== RECORDED DATA ==
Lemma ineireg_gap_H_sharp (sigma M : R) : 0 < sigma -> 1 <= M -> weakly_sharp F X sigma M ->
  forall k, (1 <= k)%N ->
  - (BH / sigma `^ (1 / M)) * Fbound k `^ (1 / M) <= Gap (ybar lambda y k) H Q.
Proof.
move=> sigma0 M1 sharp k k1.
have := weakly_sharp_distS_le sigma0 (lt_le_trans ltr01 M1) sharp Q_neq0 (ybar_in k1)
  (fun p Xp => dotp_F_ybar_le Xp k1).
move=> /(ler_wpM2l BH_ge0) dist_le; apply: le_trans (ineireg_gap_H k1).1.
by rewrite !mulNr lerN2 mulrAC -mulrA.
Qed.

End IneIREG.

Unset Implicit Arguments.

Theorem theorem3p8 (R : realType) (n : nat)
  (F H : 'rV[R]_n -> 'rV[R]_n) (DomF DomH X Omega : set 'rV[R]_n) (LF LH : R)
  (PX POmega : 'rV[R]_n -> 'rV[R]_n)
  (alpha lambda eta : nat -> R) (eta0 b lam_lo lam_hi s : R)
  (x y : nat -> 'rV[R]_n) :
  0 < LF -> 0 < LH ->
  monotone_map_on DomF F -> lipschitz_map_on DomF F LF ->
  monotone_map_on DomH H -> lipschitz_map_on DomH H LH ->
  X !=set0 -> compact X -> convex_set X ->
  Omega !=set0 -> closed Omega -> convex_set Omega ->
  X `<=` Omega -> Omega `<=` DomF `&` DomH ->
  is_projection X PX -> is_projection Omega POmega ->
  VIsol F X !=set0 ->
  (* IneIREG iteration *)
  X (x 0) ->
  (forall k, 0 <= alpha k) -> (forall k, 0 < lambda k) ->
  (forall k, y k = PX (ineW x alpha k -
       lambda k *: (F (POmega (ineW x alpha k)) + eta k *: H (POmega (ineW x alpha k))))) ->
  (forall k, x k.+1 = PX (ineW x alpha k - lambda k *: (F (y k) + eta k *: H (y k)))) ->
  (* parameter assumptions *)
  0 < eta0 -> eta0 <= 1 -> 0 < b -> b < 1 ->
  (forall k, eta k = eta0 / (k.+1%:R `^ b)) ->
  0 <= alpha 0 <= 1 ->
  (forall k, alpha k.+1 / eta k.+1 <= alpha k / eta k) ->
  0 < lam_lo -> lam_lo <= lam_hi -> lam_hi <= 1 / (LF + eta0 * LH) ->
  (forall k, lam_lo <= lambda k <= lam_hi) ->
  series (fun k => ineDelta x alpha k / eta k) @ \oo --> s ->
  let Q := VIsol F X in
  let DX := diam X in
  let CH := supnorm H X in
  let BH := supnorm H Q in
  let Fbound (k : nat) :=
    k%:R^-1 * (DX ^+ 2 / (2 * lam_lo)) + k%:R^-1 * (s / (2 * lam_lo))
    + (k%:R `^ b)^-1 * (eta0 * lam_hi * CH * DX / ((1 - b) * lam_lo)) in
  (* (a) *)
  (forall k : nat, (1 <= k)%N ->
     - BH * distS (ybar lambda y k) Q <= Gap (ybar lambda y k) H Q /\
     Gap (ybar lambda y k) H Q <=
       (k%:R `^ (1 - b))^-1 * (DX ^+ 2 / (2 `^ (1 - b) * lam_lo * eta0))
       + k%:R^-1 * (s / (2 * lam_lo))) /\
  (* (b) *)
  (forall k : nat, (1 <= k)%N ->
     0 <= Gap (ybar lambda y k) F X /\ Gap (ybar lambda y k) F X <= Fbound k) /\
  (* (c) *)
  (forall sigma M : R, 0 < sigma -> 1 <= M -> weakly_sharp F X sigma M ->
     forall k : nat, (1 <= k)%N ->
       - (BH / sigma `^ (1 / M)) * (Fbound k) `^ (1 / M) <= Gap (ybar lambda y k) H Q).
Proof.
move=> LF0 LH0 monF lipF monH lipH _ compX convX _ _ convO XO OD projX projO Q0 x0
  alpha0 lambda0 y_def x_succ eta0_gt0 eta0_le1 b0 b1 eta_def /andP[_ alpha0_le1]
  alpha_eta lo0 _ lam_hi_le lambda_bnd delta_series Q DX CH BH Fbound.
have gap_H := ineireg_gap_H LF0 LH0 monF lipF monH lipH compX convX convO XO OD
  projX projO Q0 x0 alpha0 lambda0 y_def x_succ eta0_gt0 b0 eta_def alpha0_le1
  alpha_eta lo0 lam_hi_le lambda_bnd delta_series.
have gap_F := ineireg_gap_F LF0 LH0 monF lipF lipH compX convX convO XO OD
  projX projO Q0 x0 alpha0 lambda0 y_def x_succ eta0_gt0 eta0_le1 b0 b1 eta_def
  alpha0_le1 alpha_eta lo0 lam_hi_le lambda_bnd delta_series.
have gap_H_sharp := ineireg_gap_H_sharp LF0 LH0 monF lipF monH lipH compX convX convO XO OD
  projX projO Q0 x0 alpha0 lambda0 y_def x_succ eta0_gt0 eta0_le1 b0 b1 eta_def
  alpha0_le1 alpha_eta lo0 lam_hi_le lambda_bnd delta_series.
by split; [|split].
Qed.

== EXERCISE BRIEF ==
Given the records above, restate word for word only the lines starting at the one with "lambda k *: (F (POmega" and ending at the one with "0 < eta0 -> eta0 <= 1 -> 0 < b -> b < 1 ->".

== TASK ANSWER ==
       lambda k *: (F (POmega (ineW x alpha k)) + eta k *: H (POmega (ineW x alpha k))))) ->
  (forall k, x k.+1 = PX (ineW x alpha k - lambda k *: (F (y k) + eta k *: H (y k)))) ->
  (* parameter assumptions *)
  0 < eta0 -> eta0 <= 1 -> 0 < b -> b < 1 ->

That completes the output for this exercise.